Task goal
Please repeat, from the entries that follow, the lines from the one containing "Definition polar (Q" through the one containing "w0 + u0 * w3)." exactly, adding nothing.

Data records
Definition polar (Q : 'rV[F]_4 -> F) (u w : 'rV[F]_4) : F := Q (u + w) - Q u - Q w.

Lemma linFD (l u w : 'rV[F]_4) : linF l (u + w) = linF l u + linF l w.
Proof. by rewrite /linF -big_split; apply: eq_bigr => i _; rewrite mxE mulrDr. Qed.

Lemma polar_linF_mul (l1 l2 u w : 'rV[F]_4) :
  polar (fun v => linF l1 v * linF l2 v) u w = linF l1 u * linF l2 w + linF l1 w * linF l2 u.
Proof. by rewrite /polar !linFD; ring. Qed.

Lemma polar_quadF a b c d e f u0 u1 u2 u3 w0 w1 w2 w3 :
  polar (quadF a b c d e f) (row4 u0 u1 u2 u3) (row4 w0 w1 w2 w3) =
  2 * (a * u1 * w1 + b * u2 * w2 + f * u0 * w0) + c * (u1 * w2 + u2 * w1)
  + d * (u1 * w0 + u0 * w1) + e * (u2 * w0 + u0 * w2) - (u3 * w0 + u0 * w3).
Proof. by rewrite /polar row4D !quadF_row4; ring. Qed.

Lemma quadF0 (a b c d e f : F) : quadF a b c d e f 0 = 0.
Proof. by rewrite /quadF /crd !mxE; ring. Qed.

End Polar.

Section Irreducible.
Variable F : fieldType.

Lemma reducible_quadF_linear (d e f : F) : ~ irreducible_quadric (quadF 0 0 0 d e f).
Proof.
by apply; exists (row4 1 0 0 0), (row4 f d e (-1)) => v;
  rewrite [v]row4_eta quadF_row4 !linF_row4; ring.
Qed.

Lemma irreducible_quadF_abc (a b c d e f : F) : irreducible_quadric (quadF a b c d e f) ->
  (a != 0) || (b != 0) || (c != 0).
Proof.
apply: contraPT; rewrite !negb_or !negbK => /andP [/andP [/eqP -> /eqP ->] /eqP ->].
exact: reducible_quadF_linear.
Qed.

---

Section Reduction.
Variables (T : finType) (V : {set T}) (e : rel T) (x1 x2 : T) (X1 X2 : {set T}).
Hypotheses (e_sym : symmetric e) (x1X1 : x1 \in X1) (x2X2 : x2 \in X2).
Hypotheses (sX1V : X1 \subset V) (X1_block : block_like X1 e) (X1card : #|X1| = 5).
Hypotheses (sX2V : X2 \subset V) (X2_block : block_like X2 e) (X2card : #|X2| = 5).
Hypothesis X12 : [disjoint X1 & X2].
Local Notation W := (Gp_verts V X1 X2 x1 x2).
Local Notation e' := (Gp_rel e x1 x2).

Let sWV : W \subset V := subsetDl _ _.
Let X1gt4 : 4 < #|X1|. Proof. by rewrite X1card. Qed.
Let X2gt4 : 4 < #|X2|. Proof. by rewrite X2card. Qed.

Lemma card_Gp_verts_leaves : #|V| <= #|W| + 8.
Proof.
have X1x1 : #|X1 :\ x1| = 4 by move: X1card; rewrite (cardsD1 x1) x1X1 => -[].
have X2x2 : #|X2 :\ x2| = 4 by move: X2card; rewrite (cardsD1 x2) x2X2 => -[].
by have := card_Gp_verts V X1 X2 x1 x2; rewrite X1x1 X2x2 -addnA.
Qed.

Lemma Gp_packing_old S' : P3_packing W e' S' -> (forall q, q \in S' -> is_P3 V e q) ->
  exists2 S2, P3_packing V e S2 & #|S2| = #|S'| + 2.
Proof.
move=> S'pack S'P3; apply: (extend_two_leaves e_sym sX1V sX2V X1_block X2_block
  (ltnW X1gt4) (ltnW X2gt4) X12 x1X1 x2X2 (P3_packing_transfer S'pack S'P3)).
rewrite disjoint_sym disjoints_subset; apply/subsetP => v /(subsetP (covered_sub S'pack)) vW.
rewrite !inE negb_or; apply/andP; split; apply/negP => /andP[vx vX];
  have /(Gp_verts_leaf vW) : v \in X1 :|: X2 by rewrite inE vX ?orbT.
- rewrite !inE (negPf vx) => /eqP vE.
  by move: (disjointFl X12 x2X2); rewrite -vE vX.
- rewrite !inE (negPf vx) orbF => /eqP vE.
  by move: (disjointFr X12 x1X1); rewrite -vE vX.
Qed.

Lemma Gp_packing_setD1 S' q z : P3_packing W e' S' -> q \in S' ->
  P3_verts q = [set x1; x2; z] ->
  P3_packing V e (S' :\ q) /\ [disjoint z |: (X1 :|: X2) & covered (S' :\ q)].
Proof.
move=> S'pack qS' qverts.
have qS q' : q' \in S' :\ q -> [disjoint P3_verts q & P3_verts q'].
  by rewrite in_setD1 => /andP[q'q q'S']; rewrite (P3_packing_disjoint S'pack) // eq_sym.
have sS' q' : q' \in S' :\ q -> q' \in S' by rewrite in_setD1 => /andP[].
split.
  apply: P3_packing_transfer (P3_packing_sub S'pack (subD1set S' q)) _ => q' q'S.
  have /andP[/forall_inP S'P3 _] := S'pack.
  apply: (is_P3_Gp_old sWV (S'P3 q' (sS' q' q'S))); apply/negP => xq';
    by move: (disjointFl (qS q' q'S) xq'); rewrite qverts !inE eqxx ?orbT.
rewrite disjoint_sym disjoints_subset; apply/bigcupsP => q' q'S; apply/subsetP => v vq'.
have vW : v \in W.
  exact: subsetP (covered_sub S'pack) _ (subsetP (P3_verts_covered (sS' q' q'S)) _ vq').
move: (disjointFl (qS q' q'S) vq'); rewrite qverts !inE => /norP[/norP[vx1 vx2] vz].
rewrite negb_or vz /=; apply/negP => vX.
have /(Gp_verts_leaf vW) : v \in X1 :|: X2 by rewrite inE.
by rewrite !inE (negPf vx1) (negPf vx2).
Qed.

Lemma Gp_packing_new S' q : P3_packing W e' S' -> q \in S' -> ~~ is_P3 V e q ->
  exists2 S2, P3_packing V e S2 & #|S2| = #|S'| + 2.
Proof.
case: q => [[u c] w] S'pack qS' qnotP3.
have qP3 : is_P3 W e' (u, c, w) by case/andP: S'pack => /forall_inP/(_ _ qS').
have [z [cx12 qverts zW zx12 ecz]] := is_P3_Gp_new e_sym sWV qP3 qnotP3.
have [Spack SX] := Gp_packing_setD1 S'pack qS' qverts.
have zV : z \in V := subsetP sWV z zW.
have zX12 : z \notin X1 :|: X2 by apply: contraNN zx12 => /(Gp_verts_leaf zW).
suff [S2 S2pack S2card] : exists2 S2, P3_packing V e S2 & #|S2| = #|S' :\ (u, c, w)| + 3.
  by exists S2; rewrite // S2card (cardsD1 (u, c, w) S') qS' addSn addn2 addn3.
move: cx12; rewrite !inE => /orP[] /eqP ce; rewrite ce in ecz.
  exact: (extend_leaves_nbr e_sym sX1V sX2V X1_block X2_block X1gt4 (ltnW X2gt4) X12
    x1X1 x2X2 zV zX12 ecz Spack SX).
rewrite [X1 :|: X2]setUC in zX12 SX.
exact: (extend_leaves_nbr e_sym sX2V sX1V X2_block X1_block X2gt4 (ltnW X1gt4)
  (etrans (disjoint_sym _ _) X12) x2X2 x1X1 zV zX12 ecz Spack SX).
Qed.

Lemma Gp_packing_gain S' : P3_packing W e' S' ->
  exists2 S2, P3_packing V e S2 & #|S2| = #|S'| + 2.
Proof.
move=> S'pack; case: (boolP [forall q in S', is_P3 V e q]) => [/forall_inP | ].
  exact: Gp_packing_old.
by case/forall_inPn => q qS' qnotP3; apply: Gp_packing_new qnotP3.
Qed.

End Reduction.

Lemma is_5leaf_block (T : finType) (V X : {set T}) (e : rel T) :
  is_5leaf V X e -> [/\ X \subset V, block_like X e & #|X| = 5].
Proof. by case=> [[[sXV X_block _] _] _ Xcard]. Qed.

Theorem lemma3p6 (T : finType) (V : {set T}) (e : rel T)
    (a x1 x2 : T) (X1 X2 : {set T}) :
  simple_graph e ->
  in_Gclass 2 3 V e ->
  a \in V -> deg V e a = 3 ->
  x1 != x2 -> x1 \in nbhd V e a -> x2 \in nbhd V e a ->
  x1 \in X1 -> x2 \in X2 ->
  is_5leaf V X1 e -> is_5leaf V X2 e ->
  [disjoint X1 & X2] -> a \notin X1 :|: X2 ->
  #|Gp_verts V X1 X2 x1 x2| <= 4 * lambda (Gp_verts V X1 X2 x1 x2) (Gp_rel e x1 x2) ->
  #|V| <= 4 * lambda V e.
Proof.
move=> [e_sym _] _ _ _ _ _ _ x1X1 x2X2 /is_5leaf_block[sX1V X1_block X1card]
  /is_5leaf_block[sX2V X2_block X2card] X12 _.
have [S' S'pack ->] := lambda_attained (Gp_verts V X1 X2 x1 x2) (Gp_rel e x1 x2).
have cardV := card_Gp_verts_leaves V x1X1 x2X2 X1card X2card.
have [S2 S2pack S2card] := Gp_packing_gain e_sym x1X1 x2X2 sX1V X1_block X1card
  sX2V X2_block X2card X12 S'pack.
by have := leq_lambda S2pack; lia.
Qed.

The answer
Definition polar (Q : 'rV[F]_4 -> F) (u w : 'rV[F]_4) : F := Q (u + w) - Q u - Q w.

Lemma linFD (l u w : 'rV[F]_4) : linF l (u + w) = linF l u + linF l w.
Proof. by rewrite /linF -big_split; apply: eq_bigr => i _; rewrite mxE mulrDr. Qed.

Lemma polar_linF_mul (l1 l2 u w : 'rV[F]_4) :
  polar (fun v => linF l1 v * linF l2 v) u w = linF l1 u * linF l2 w + linF l1 w * linF l2 u.
Proof. by rewrite /polar !linFD; ring. Qed.

Lemma polar_quadF a b c d e f u0 u1 u2 u3 w0 w1 w2 w3 :
  polar (quadF a b c d e f) (row4 u0 u1 u2 u3) (row4 w0 w1 w2 w3) =
  2 * (a * u1 * w1 + b * u2 * w2 + f * u0 * w0) + c * (u1 * w2 + u2 * w1)
  + d * (u1 * w0 + u0 * w1) + e * (u2 * w0 + u0 * w2) - (u3 * w0 + u0 * w3).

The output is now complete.